Fraternal Order of Police #86 President Rick Snyder said IMPD officers often discover familiar names when reading Indianapolis’ daily homicide reports.
“They keep arresting and re-arresting the same people,” said Snyder. “Today they could be the suspect. Tomorrow they could be the victim. And that’s the concern that the number of times that our officers are standing over somebody lying in the middle of street and deceased. ‘What are we doing here? I just locked this person up in the last two weeks and now they’re here.’ How does that happen? And a lot of times what they locked them up for were for crimes of violence where they should have been held long enough for true intervention to occur.”
That type of intervention is what ex-offenders, parolees, probationers and defendants on pre-trial release can expect to find at PACE, Public Advocates in Community Re-Entry.
“You come here, get educated, your actions will change,” said Peer Recovery Coach Sharon Rucker. “When you’re taken away from society for a significant amount of years and prior to that the lifestyle that you led was all criminally involved, that transition is going to be very difficult.
“It has to be within their first 14 days.
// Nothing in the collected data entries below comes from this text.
Lemma deref_yield k (b : rewb S) t :
  derives b t -> rewb_k k b -> no_captured_ref b ->
  forall pre e rest, records pre env0 e ->
  exists X, [/\ deref_aux pre (yield t ++ rest) = deref_aux (pre ++ X) rest,
                size (gmap X) = out_len t e & records X e (env_after t e)].
Proof.
elim=> /= [a|||a c t1 u _ IH1 _ IH2|a c t1 _ IH|a c t1 _ IH|a|a t1 u _ IH1 _ IH2|j a t1 Dt _].
- move=> _ _ pre e rest _; exists [:: SLet a]; rewrite cats1.
  by split=> //; exact: records_no_open.
- by move=> _ _ pre e rest _; exists [::]; rewrite cats0; split=> // i; left.
- move=> i _ _ pre e rest /(_ i) [[h1 h2]|[a [u [h1 h2 h3]]]].
    exists [::]; move: h1; rewrite /last_open cats0 => ->.
    by split=> // j; left.
  exists (map (@SLet S) (gmap u)); move: h1 h2; rewrite /last_open gmap_let => -> ->.
  by split=> //; apply: records_no_open => j; apply: has_let.
- case/andP => k1 k2 /andP [n1 n2] pre e rest Rpre.
  have [X1 [E1 S1 R1]] := IH1 k1 n1 _ _ (yield u ++ rest) Rpre.
  have [X2 [E2 S2 R2]] := IH2 k2 n2 _ _ rest (records_cat Rpre R1 (fun _ => erefl)).
  exists (X1 ++ X2); rewrite -catA E1 E2 catA gmap_cat size_cat S1 S2.
  by split=> //; exact: records_cat R1 R2 (env_after_cat _ _ e).
- by case/andP => k1 _ /andP [n1 _]; exact: IH.
- by case/andP => _ k1 /andP [_ n1]; exact: IH.
- by move=> _ _ pre e rest _; exists [::]; rewrite cats0; split=> // i; left.
- move=> k1 n1 pre e rest Rpre.
  have [X1 [E1 S1 R1]] := IH1 k1 n1 _ _ (yield u ++ rest) Rpre.
  have [X2 [E2 S2 R2]] := IH2 k1 n1 _ _ rest (records_cat Rpre R1 (fun _ => erefl)).
  exists (X1 ++ X2); rewrite -catA E1 E2 catA gmap_cat size_cat S1 S2.
  by split=> //; exact: records_cat R1 R2 (env_after_cat _ _ e).
- move=> kk /negbTE pure pre e rest _.
  have [O N] := pure_out_len e Dt pure.
  exists (SOpen S j :: rcons (yield t1) (SClose S j)); split.
  + by rewrite deref_no_num ?cat_rcons // -cats1 has_cat /= orbF.
  + by rewrite (nletters_yield (TCap j t1)) O.
  + exact: (records_pure (der_cap j Dt) kk pure e).
Qed.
The first two weeks you really have to grab a person right there to get their attention to understand that they are entering back into unchartered waters and they’re going to need some assistance.”
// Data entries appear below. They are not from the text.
Lemma F2mx_opp (n k : nat) (A : 'M['F_2]_(n, k)) : - A = A.
Proof. by apply/matrixP => i j; rewrite mxE (oppr_pchar2 F2_pchar). Qed.

(* We only use that the pivot rows of H_I
   form the identity.  Coordinates of F_2^m are split as the first r ones
   (colL) and the last m - r ones (colR); E1, E2 are the corresponding
   coordinate embeddings, so that P_I = H_I E1^T + I_{~I} E2^T. *)
Section EchelonBasis.
Variables (m r : nat) (HI : 'M['F_2]_(m, r)) (piv : 'I_r -> 'I_m).
Hypothesis HI_piv : forall k j : 'I_r, HI (piv k) j = (k == j)%:R.

Lemma piv_inj : injective piv.
Proof.
move=> k k' ekk'; apply/eqP; rewrite eq_sym; apply/negPn/negP => kk'.
by have := HI_piv k k; rewrite ekk' HI_piv (negbTE kk') eqxx => /(congr1 val).
Qed.

Lemma r_le_m : (r <= m)%N.
Proof. by have := leq_card _ piv_inj; rewrite !card_ord. Qed.

Definition colL (j : 'I_r) : 'I_m := widen_ord r_le_m j.
Lemma colR_proof (l : 'I_(m - r)) : (r + l < m)%N.
Proof. by rewrite -ltn_subRL. Qed.
Definition colR (l : 'I_(m - r)) : 'I_m := Ordinal (colR_proof l).

Lemma colL_eq a b : (colL a == colL b) = (a == b).
Proof. by []. Qed.
Lemma colR_eq a b : (colR a == colR b) = (a == b).
Proof. by rewrite /colR /eq_op /= eqn_add2l. Qed.
Lemma colLR a b : (colL a == colR b) = false.
Proof. by rewrite /colL /colR /eq_op /=; apply/negbTE; rewrite neq_ltn ltn_addr. Qed.
Lemma colRL a b : (colR b == colL a) = false.
Proof. by rewrite eq_sym colLR. Qed.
PACE offers addiction recovery services, clean needle exchange, resume and job skills counseling and referrals and career workshops along with GED classes and continuing support.
“This program has no end date so if you stumble and you fall, the doors will always remain open,” said Rucker.
Donzae Wallace, 24, has taken advantage of PACE support while working his way out of some teenage trouble that landed him behind bars.
“So I had to learn the hard way,” said Wallace. “I got out and then I violated probation and house arrest and then I go back and get back out and I go back in and I go back out.
“Coming up here to PACE, they were really just a positive influence on me to show me and teach me that I could do things in a positive manner.
“I’m saying this for anybody on house arrest or probation of anything, if you got a probation officer or house arrest officer, if you do what they want you to do, they want you to succeed in life. They want you to get a job and be productive. They don’t want you to fail.
“Anybody who’s on house arrest or probation, if you listen to your probation officer and just listen to the advice that they give you, they really want to see you succeed in life.”
Snyder said he’s been frustrated by Marion County’s inability to collect data on probation violators and their propensity to commit crimes.
“The city and the county can tell me how many people they put on probation or parole. They cannot tell me how many violate that,” he said. “How can we not have a system that when you get arrested and you’ve been put on probation, you’re out on conditional release and I arrest you tonight and how can we not have a system that says you are on conditional release and should not be let back out?”
At more than 4000 clients, Marion County Community Corrections has more offenders on home detention status than another municipality in the United States.